__WHAT IS EXPECTED__:
Could you give the number of lines in the entries below that contain the word "mulrA"? Only the number is wanted.

__RECORDS PROVIDED__:
+++

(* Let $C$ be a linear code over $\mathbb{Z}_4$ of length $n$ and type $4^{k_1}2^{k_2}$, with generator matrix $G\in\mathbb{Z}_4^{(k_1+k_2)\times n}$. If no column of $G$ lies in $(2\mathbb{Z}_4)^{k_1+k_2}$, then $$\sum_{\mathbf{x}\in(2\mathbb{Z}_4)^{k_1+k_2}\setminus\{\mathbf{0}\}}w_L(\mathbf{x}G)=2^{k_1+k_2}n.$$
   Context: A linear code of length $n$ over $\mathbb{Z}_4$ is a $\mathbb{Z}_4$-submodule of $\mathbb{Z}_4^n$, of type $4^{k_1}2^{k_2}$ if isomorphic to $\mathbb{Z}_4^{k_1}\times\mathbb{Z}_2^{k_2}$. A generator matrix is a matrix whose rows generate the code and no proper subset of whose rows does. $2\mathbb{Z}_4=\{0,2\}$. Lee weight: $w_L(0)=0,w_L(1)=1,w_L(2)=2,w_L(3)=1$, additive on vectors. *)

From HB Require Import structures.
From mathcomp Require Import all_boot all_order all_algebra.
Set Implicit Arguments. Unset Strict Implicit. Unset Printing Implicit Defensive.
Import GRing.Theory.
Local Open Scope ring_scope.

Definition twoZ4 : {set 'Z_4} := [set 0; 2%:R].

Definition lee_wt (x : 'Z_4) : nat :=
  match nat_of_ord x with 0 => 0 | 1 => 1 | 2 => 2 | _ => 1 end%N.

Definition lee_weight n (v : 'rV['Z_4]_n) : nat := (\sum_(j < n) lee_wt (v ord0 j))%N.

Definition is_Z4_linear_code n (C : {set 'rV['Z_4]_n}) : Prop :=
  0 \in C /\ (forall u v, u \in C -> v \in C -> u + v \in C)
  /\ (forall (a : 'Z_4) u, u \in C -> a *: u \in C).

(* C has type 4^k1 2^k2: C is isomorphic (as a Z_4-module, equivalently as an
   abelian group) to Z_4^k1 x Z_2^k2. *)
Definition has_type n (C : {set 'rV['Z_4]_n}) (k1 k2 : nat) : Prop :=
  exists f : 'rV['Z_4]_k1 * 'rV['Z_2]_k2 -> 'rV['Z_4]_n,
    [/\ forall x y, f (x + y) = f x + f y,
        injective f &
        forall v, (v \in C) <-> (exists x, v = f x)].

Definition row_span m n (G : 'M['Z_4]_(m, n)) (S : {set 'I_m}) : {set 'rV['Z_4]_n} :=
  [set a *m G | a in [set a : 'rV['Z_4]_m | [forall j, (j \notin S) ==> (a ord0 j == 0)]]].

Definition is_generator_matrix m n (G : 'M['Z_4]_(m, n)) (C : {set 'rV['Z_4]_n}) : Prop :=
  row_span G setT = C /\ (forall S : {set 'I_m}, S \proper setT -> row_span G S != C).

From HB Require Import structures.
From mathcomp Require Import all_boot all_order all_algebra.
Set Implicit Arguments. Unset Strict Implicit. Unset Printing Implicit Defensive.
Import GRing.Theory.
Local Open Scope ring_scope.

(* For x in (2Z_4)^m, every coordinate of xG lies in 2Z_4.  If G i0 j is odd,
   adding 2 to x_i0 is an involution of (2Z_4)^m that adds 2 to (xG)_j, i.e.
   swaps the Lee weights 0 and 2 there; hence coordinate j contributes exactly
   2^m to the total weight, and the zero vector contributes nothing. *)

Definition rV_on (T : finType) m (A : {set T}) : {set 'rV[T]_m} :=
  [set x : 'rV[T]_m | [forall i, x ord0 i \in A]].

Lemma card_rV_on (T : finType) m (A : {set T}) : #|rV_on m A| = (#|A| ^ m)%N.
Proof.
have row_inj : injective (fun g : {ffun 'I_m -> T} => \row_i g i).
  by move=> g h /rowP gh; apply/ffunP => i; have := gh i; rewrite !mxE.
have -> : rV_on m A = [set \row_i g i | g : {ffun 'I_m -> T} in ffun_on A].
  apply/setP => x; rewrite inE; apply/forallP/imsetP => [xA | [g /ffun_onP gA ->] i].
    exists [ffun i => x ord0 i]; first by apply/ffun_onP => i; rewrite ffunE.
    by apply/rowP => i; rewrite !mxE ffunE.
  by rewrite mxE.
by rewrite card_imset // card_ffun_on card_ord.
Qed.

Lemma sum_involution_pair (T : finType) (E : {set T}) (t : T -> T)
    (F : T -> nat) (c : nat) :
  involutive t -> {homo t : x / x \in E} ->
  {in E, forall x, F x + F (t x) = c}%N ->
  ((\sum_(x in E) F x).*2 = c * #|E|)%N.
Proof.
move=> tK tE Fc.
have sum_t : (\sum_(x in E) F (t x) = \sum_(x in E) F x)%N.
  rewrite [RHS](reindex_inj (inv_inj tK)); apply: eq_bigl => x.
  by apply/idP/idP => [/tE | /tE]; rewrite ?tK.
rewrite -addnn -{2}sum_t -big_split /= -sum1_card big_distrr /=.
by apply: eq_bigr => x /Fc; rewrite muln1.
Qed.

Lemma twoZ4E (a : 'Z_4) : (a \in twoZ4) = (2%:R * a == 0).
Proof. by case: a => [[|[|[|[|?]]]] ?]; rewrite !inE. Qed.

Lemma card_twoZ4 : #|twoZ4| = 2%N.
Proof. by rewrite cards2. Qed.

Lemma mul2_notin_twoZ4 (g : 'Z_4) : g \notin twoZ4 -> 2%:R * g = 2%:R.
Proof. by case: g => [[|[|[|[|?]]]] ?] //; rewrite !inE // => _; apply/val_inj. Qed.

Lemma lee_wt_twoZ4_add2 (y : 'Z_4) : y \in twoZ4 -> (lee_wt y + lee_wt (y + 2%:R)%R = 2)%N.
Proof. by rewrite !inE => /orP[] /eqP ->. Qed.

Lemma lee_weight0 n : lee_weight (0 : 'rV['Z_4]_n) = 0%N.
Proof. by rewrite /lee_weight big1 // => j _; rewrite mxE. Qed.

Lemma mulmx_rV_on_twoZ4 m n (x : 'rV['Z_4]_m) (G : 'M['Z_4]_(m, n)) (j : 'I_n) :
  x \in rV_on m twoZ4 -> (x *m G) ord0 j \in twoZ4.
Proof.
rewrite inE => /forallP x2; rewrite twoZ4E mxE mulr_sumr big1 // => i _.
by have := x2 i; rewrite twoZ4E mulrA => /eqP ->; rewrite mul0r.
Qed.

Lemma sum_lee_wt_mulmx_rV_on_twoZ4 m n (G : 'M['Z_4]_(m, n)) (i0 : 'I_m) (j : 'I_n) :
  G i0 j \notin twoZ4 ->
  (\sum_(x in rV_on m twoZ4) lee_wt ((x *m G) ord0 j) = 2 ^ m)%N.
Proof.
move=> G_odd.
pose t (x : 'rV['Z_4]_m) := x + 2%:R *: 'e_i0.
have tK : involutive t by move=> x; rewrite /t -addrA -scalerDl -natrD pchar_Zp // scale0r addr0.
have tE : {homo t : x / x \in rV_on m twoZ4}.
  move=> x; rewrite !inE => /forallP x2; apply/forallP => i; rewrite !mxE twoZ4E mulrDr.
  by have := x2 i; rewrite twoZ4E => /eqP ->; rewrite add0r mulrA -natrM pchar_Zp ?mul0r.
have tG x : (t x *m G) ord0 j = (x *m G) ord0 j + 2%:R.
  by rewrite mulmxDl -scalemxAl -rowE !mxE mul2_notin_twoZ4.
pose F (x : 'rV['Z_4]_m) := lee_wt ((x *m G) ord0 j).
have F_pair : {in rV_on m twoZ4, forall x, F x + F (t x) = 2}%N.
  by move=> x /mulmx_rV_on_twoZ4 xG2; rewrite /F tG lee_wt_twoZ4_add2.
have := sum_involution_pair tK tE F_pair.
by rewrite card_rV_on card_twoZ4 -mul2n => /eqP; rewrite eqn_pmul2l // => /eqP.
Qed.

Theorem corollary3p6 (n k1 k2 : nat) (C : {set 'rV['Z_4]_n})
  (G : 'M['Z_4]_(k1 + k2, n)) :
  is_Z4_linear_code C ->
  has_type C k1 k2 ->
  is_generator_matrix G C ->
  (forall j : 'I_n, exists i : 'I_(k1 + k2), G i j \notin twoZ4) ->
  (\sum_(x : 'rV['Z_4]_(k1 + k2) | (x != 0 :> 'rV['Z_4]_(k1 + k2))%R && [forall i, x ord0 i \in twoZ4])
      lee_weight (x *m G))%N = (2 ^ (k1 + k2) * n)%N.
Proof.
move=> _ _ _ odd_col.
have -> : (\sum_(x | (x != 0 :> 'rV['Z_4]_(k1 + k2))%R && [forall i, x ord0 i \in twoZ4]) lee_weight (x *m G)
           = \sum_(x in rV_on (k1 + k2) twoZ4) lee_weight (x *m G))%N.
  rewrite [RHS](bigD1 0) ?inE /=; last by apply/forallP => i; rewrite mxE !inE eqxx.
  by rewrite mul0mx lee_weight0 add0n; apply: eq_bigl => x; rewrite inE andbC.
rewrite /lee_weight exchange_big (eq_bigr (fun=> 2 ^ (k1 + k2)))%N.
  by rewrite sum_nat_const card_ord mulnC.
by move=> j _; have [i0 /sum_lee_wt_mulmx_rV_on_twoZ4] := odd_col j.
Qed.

+++

__SOLUTION TO THIS EXERCISE__:
2